Friend has this engine on a JD riding mower. Not sure how old but engine now won't hold constant speed. Local repair show says the engine can't be fixed because Kohler recognized it had a design fault with the governor system and discontinued it & parts are no longer available. I find that somewhat difficult to swallow and wonder if anyone has a comment. Is it worth fixing assuming parts are available? Thx


----------



## 30yearTech (Sep 14, 2006)

Post the John Deere Model number and the Kohler spec numbers and maybe we can find out if parts are indeed obsolete.


----------



## goball (Sep 25, 2006)

Good idea and will do but will be a couple of weeks before I can get info posted. Thx for advice.


----------



## goball (Sep 25, 2006)

Hi,

John Deere Mower is Model STX38. Kohler CV12.5S, Spec 1215. Thx again.


----------



## 30yearTech (Sep 14, 2006)

Nothing obsolete about this engine. Here is a list of Internal governor parts, although I am not sure what parts they were referring to. The governor may just need the static adjustment set, although if it's surging or hunting that could indicate a carburetor issue and may not even be governor related!

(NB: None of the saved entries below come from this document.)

Lemma hdistL_product_topology :
  induces_product_topology abs (fun g h => N (hmul (hinv h) g)).
Proof.
apply: induces_product_topology_boxes => g.
apply: (boxes_comparable_twisted (a := fun h j => h.1.1 0 j)
  (b := fun h j => (h.1.2 - g.1.2) 0 j) (C := Num.max (N g) 1)).
- by rewrite le_max lexx orbT.
- move=> [[x' y'] t'] j; case: g => [[x y] t] /=.
  by rewrite !mxE; split; rewrite addrC absBC.
- move=> [[x' y'] t']; case: g => [[x y] t] /=.
  by rewrite dotNl dotDr dotNr; ring.
- move=> h eta eta1 xy j; have [x_lt y_lt] := xy j; split; last by rewrite /= !mxE.
  apply: abs_le_near (ltW (lt_le_trans x_lt eta1)) _.
  exact: ((hnorm_coord g).1 j).1.
Qed.

Lemma hdistR_product_topology :
  induces_product_topology abs (fun g h => N (hmul g (hinv h))).
Proof.
apply: induces_product_topology_boxes => g.
apply: (boxes_comparable_twisted (a := fun h j => h.1.2 0 j)
  (b := fun h j => (h.1.1 - g.1.1) 0 j) (C := Num.max (N g) 1)).
- by rewrite le_max lexx orbT.
- move=> [[x' y'] t'] j; case: g => [[x y] t] /=.
  by rewrite !mxE; split; rewrite absBC.
- move=> [[x' y'] t']; case: g => [[x y] t] /=.
  by rewrite dotNr dotDr dotNr (dotC y' x') (dotC y' x); ring.
- move=> h eta eta1 xy j; have [x_lt y_lt] := xy j; split; last by rewrite /= !mxE.
  apply: abs_le_near (ltW (lt_le_trans y_lt eta1)) _.
  exact: ((hnorm_coord g).1 j).2.
Qed.

End UltrametricAbs.

Theorem mainTheorem1 (p : nat) (R : realType) (K : fieldType) (abs : K -> R)
    (n : nat) :
  prime p -> is_Qp p abs -> (0 < n)%N ->
  [/\ (forall g h : heis K n,
         hnorm abs (hmul g h) <= Num.max (hnorm abs g) (hnorm abs h)),
      (forall g : heis K n, hnorm abs (hinv g) = hnorm abs g),
      (forall (r : K) (g : heis K n), hnorm abs (hdil r g) = abs r * hnorm abs g),
      (let dL := fun g h : heis K n => hnorm abs (hmul (hinv h) g) in
       [/\ is_ultrametric dL, left_invariant dL & induces_product_topology abs dL])
    & (let dR := fun g h : heis K n => hnorm abs (hmul g (hinv h)) in
       [/\ is_ultrametric dR, right_invariant dR & induces_product_topology abs dR])].
Proof.
move=> _ [abs_ge0 [abs_eq0 [absM [absD _]]]] _; split.
- by apply: hnorm_mul.
- by apply: hnorm_inv.
- by apply: hnorm_dil.
- by split; [apply: hdistL_ultrametric | apply: hdistL_left_invariant |
             apply: hdistL_product_topology].
- by split; [apply: hdistR_ultrametric | apply: hdistR_right_invariant |
             apply: hdistR_product_topology].
Qed.
(* In the full-information setting, run Gaptron with gap map $a(\mathbf W_t,\mathbf x_t)=1-\mathbb 1[p_t^\star\ge 0.5]\,p_t^\star$, learning rate $\eta=\frac{\ln 2}{2KX^2}$, exploration rate $\gamma=0$, and the logistic loss $\ell_t(\mathbf W)=-\log_2\sigma(\mathbf W,\mathbf x_t,y_t)$. Then for every $\mathbf U\in\mathcal W$, $$\mathbb E\Big[\sum_{t=1}^T\mathbb 1[y'_t\ne y_t]\Big]\le\sum_{t=1}^T\ell_t(\mathbf U)+\frac{KX^2\|\mathbf U\|^2}{\ln 2}.$$
   Context: Setting and notation. Fix integers $K\ge 2$, $d\ge1$, $T\ge1$ and reals $X>0$, $D>0$. Matrices $\mathbf W\in\mathbb{R}^{K\times d}$ have rows $\mathbf W^1,\dots,\mathbf W^K\in\mathbb{R}^d$ and are identified with vectors in $\mathbb{R}^{Kd}$; $\langle\cdot,\cdot\rangle$ is the Euclidean inner product and $\|\cdot\|$ the Euclidean (Frobenius) norm. $\mathcal W=\{\mathbf W:\|\mathbf W\|\le D\}$. $\mathbf e_k$ is the $k$-th standard basis vector of $\mathbb R^K$ and $\mathbf 1\in\mathbb R^K$ the all-ones vector. In each round $t=1,\dots,T$ the environment chooses a label $y_t\in\{1,\dots,K\}$ and a feature vector $\mathbf x_t\in\mathbb R^d$ with $\|\mathbf x_t\|\le X$ (possibly depending on the learner's past predictions $y'_1,\dots,y'_{t-1}$ but not on its current random draw); the learner sees $\mathbf x_t$, outputs a random label $y'_t$, and then observes $y_t$ (full-information setting) or only $\mathbb 1[y'_t\ne y_t]$ (bandit setting). Gaptron, with learning rate $\eta>0$, exploration rate $\gamma\in[0,1]$, gap map $a:\mathbb R^{K\times d}\times\mathbb R^d\to[0,1]$ and loss functions $\ell_t$: set $\mathbf W_1=\mathbf 0$; for $t=1,\dots,T$: let $y_t^\star=\arg\max_k\langle \mathbf W_t^k,\mathbf x_t\rangle$ (ties broken arbitrarily), $a_t=a(\mathbf W_t,\mathbf x_t)$, $\mathbf p'_t=(1-\max\{a_t,\gamma\})\mathbf e_{y_t^\star}+\max\{a_t,\gamma\}\frac1K\mathbf 1$; draw $y'_t\sim\mathbf p'_t$ ($p'_t(k)$ denotes the probability of label $k$); set $\mathbf g_t=\nabla\ell_t(\mathbf W_t)$; update $\mathbf W_{t+1}=\arg\min_{\mathbf W\in\mathcal W}\ \eta\langle\mathbf g_t,\mathbf W\rangle+\frac12\|\mathbf W-\mathbf W_t\|^2$. $\mathbb E$ denotes expectation over the learner's randomization. Softmax: $\sigma(\mathbf W,\mathbf x,k)=\exp(\langle\mathbf W^k,\mathbf x\rangle)/\sum_{j=1}^K\exp(\langle\mathbf W^j,\mathbf x\rangle)$, and $p_t^\star=\max_k\sigma(\mathbf W_t,\mathbf x_t,k)$. *)

From HB Require Import structures.
From mathcomp Require Import all_boot all_order all_algebra.
From mathcomp Require Import all_classical all_reals all_analysis.
Set Implicit Arguments. Unset Strict Implicit. Unset Printing Implicit Defensive.
Import Order.TTheory GRing.Theory Num.Theory.
Local Open Scope ring_scope.
Lemma bounded_preimage S F :
  (forall p q, dist (F p) (F q) = dist p q) ->
  bounded_set S -> bounded_set (fun q => S (F q)).
Proof.
  intros Hiso [B HB]. set (o := F (0, 0)).
  exists (2 * B + Rabs (fst o) + Rabs (snd o)). intros q Hq.
  rewrite <- Hiso. fold o. specialize (HB _ Hq).
  pose proof (abs_fst_le_dist (F q) (0, 0)); pose proof (abs_snd_le_dist (F q) (0, 0)).
  cbn [fst snd] in *. rewrite !Rminus_0_r in *.
  pose proof (Rabs_sub_le_add (fst (F q)) (fst o)).
  pose proof (Rabs_sub_le_add (snd (F q)) (snd o)).
  pose proof (dist_le_abs_sum (F q) o). lra.
Qed.

Lemma interior_preimage S F :
  (forall p q, dist (F p) (F q) = dist p q) -> (forall p, exists q, F q = p) ->
  nonempty_interior S -> nonempty_interior (fun q => S (F q)).
Proof.
  intros Hiso Hsurj [o [r [Hr Hball]]]. destruct (Hsurj o) as [q0 <-].
  exists q0, r. split; [exact Hr|]. intros q Hq. apply Hball. rewrite Hiso. exact Hq.
Qed.

(* A rotation by [- phi] moving the origin to [c], preceded by the reflection
   [flip_y] when [e = -1]. *)
Definition frame_map (c : pt) (phi e : R) (q : pt) : pt :=
  (fst c + cos phi * fst q + e * sin phi * snd q,
   snd c - sin phi * fst q + e * cos phi * snd q).

Lemma cos_sin_sqr phi : cos phi * cos phi + sin phi * sin phi = 1.
Proof. pose proof (sin2_cos2 phi). unfold Rsqr in *. lra. Qed.

Lemma frame_map_lerp c phi e t p q :
  frame_map c phi e (lerp t p q) = lerp t (frame_map c phi e p) (frame_map c phi e q).
Proof. unfold frame_map, lerp; cbn [fst snd]; f_equal; ring. Qed.

Lemma frame_map_isometry c phi e : e * e = 1 ->
  forall p q, dist (frame_map c phi e p) (frame_map c phi e q) = dist p q.
Proof.
  intros He p q. unfold dist, frame_map; cbn [fst snd]. f_equal.
  transitivity ((cos phi * cos phi + sin phi * sin phi) * (fst p - fst q) ^ 2
                + e * e * (cos phi * cos phi + sin phi * sin phi) * (snd p - snd q) ^ 2);
    [ring | rewrite He, cos_sin_sqr; ring].
Qed.

Lemma frame_map_surjective c phi e : e * e = 1 -> forall p, exists q, frame_map c phi e q = p.
Proof.
  intros He [x y]. pose proof (cos_sin_sqr phi).
  exists (cos phi * (x - fst c) - sin phi * (y - snd c),
          e * (sin phi * (x - fst c) + cos phi * (y - snd c))).
  unfold frame_map; cbn [fst snd]. f_equal; nsatz.
Qed.

Lemma frame_map_flip c phi q : frame_map c phi (-1) q = frame_map c phi 1 (flip_y q).
Proof. unfold frame_map, flip_y; cbn [fst snd]. f_equal; ring. Qed.

Lemma frame_map_refl c phi al q :
  frame_map c phi 1 (refl_origin (cos al) (sin al) q)
  = refl_dir c (al / 2 - phi) (frame_map c phi 1 q).
Proof.
  pose proof (cos_sin_sqr phi).
  unfold frame_map, refl_origin, refl_dir; cbn [fst snd].
  replace (2 * (al / 2 - phi)) with (al - 2 * phi) by field.
  rewrite cos_minus, sin_minus, cos_2a, sin_2a. f_equal; nsatz.
Qed.

Lemma cos_sin_5PI3 : cos (5 * PI / 3) = 1/2 /\ sin (5 * PI / 3) = - (sqrt 3 / 2).
Proof.
  replace (5 * PI / 3) with (2 * PI - PI / 3) by field.
  rewrite cos_minus, sin_minus, cos_2PI, sin_2PI, cos_PI3, sin_PI3. split; ring.
Qed.

Lemma triangle_symmetric_frame Om : triangle_symmetric Om ->
  exists c phi, std_symmetric (fun q => Om (frame_map c phi 1 q)).
Proof.
  intros (c & th & H1 & H2 & H3). exists c, (PI / 6 - th).
  assert (axis : forall al th', th' = al / 2 - (PI / 6 - th) ->
            symmetric_wrt (refl_dir c th') Om ->
            symmetric_wrt (refl_origin (cos al) (sin al))
                          (fun q => Om (frame_map c (PI / 6 - th) 1 q))).
  { intros al th' -> Hs. exact (symmetric_wrt_conj _ _ _ _ (frame_map_refl c _ al) Hs). }
  destruct cos_sin_5PI3 as [C5 S5].
  split; [|split].
  - rewrite <- cos_PI, <- sin_PI. apply (axis PI (th + PI / 3)); [field | exact H2].
  - rewrite <- cos_PI3, <- sin_PI3. apply (axis (PI / 3) th); [field | exact H1].
  - rewrite <- C5, <- S5. apply (axis (5 * PI / 3) (th + 2 * PI / 3)); [field | exact H3].
Qed.

Lemma image_inverse g F S :
  (forall q, g (F q) = q) -> (forall p, F (g p) = p) -> image g S = (fun q => S (F q)).
Proof.
  intros Hgl Hgr. apply functional_extensionality. intro q.
  apply propositional_extensionality. split.
  - intros [p [Hp ->]]. rewrite Hgr. exact Hp.
  - intro Hq. exists (F q). auto.
Qed.

Lemma frame_rescale_similarity c phi e k d : e * e = 1 -> 0 < k ->
  exists g, similarity g /\
    (forall q, g (frame_map c phi e (rescale k d q)) = q) /\
    (forall p, frame_map c phi e (rescale k d (g p)) = p).
Proof.
  intros He Hk. pose proof (cos_sin_sqr phi).
  assert (Hinv : k * / k = 1) by (field; lra).
  set (h := fun p : pt => (fst c + / k * (fst p - fst c), snd c + / k * (snd p - snd c))).
  set (f := fun p : pt => (cos phi * (fst p - fst c) - sin phi * (snd p - snd c),
                           d + e * (sin phi * (fst p - fst c) + cos phi * (snd p - snd c)))).
  exists (fun p => f (h p)). split; [|split].
  - exists f, h. split; [|split].
    + intros p q. unfold dist, f; cbn [fst snd]. f_equal.
      transitivity ((cos phi * cos phi + sin phi * sin phi)
                      * ((fst p - fst q) ^ 2 + (snd p - snd q) ^ 2)
                    + (e * e - 1) * (sin phi * (fst p - fst q) + cos phi * (snd p - snd q)) ^ 2);
        [ring | rewrite He, cos_sin_sqr; ring].
    + exists c, (/ k). split; [apply Rinv_neq_0_compat; lra | reflexivity].
    + reflexivity.
  - intros [x y]. unfold f, h, frame_map, rescale; cbn [fst snd]. f_equal.
    + transitivity (k * / k * (cos phi * cos phi + sin phi * sin phi) * x); [ring|].
      rewrite Hinv, cos_sin_sqr. ring.
    + transitivity (d + k * / k * (e * e) * (cos phi * cos phi + sin phi * sin phi) * (y - d));
        [ring|].
      rewrite Hinv, He, cos_sin_sqr. ring.
  - intros [x y]. unfold f, h, frame_map, rescale; cbn [fst snd].
    set (u := x - fst c). set (v := y - snd c). f_equal.
    + transitivity (fst c + k * / k * ((cos phi * cos phi + sin phi * sin phi) * u
                      + (e * e - 1) * sin phi * (sin phi * u + cos phi * v))); [ring|].
      rewrite Hinv, He, cos_sin_sqr. unfold u. ring.
    + transitivity (snd c + k * / k * ((cos phi * cos phi + sin phi * sin phi) * v
                      + (e * e - 1) * cos phi * (sin phi * u + cos phi * v))); [ring|].
      rewrite Hinv, He, cos_sin_sqr. unfold v. ring.
Qed.

Lemma standard_frame_exists Om :
  bounded_set Om -> nonempty_interior Om -> triangle_symmetric Om ->
  exists c phi e m M, e * e = 1 /\
    std_symmetric (fun q => Om (frame_map c phi e q)) /\
    y_extent (fun q => Om (frame_map c phi e q)) m M /\ m < M /\ - m <= M.
Proof.
  intros Hbd Hint Hsym.
  destruct (triangle_symmetric_frame Om Hsym) as (c & phi & Hstd).
  destruct (y_extent_exists (fun q => Om (frame_map c phi 1 q))) as (m & M & HmM & Hext).
  { apply (bounded_preimage Om (frame_map c phi 1)); [apply frame_map_isometry; ring | exact Hbd]. }
  { apply (interior_preimage Om (frame_map c phi 1));
      [apply frame_map_isometry; ring | apply frame_map_surjective; ring | exact Hint]. }
  exists c, phi. destruct (Rle_dec (- m) M).
  - exists 1, m, M. split; [ring|]. auto.
  - exists (-1), (- M), (- m). split; [ring|].
    assert (E : (fun q => Om (frame_map c phi (-1) q)) = (fun q => Om (frame_map c phi 1 (flip_y q))))
      by (apply functional_extensionality; intro q; now rewrite frame_map_flip).
    rewrite E. split; [exact (std_symmetric_flip _ Hstd)|].
    split; [exact (y_extent_flip _ _ _ Hext)|]. lra.
Qed.

Theorem mainTheorem14 (Om : pt -> Prop) :
  bounded_set Om -> convex_set Om -> nonempty_interior Om ->
  triangle_symmetric Om ->
  exists (a : R) (g : pt -> pt),
    0 <= a <= 1/3 /\ similarity g /\ class_C a (image g Om).
Proof.
  intros Hbd Hcv Hint Hsym.
  destruct (standard_frame_exists Om Hbd Hint Hsym)
    as (c & phi & e & m & M & He & Hstd & Hext & HmM & Hle).
  assert (Hconv : convex_set (fun q => Om (frame_map c phi e q)))
    by (apply (convex_preimage Om (frame_map c phi e)); [apply frame_map_lerp | exact Hcv]).
  destruct (std_position_class_C _ m M Hconv Hstd Hext HmM Hle) as (a & mu & Hmu & Ha & HC).
  destruct (frame_rescale_similarity c phi e mu (sqrt 3 / 6) He Hmu) as (g & Hg & Hgl & Hgr).
  exists a, g. split; [exact Ha|]. split; [exact Hg|].
  rewrite (image_inverse _ _ Om Hgl Hgr). exact HC.
Qed.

You can find a complete illustrated parts list at the Kohler website: www.kohlerplus.com just enter as a guest and you must use internet explorer to access their site.


----------



## goball (Sep 25, 2006)

Took the crankcase cover off and found the governor pin laying loose so I'd say that you hit the nail on the head. Will check linkages etc. Now that the gov arm is loose from the shaft, could I get a little help with the static setting. Could trial and error it but would be better if I could start of right. Thx


----------



## 30yearTech (Sep 14, 2006)

goball said:


> Took the crankcase cover off and found the governor pin laying loose so I'd say that you hit the nail on the head. Will check linkages etc. Now that the gov arm is loose from the shaft, could I get a little help with the static setting. Could trial and error it but would be better if I could start of right. Thx


You can go to the Kohler website link in my previous post and download a service manual that will explain the governor setup and adjustment.


----------



## goball (Sep 25, 2006)

Got the engine running without any difficulty. Trying to sell if anyone is interested.


----------



## Alexguy1922 (3 mo ago)

goball said:


> Hi, John Deere Mower is Model STX38. Kohler CV12.5S, Spec 1215. Thx again.


 We're you ever able to find a manual on it or anything???


----------



## paulr44 (Oct 14, 2008)

Alexguy1922 said:


> We're you ever able to find a manual on it or anything???


Are you looking for Kohler manuals? go here Partners - Global Parts Lookup
Service manuals are at the bottom of IPL pages


----------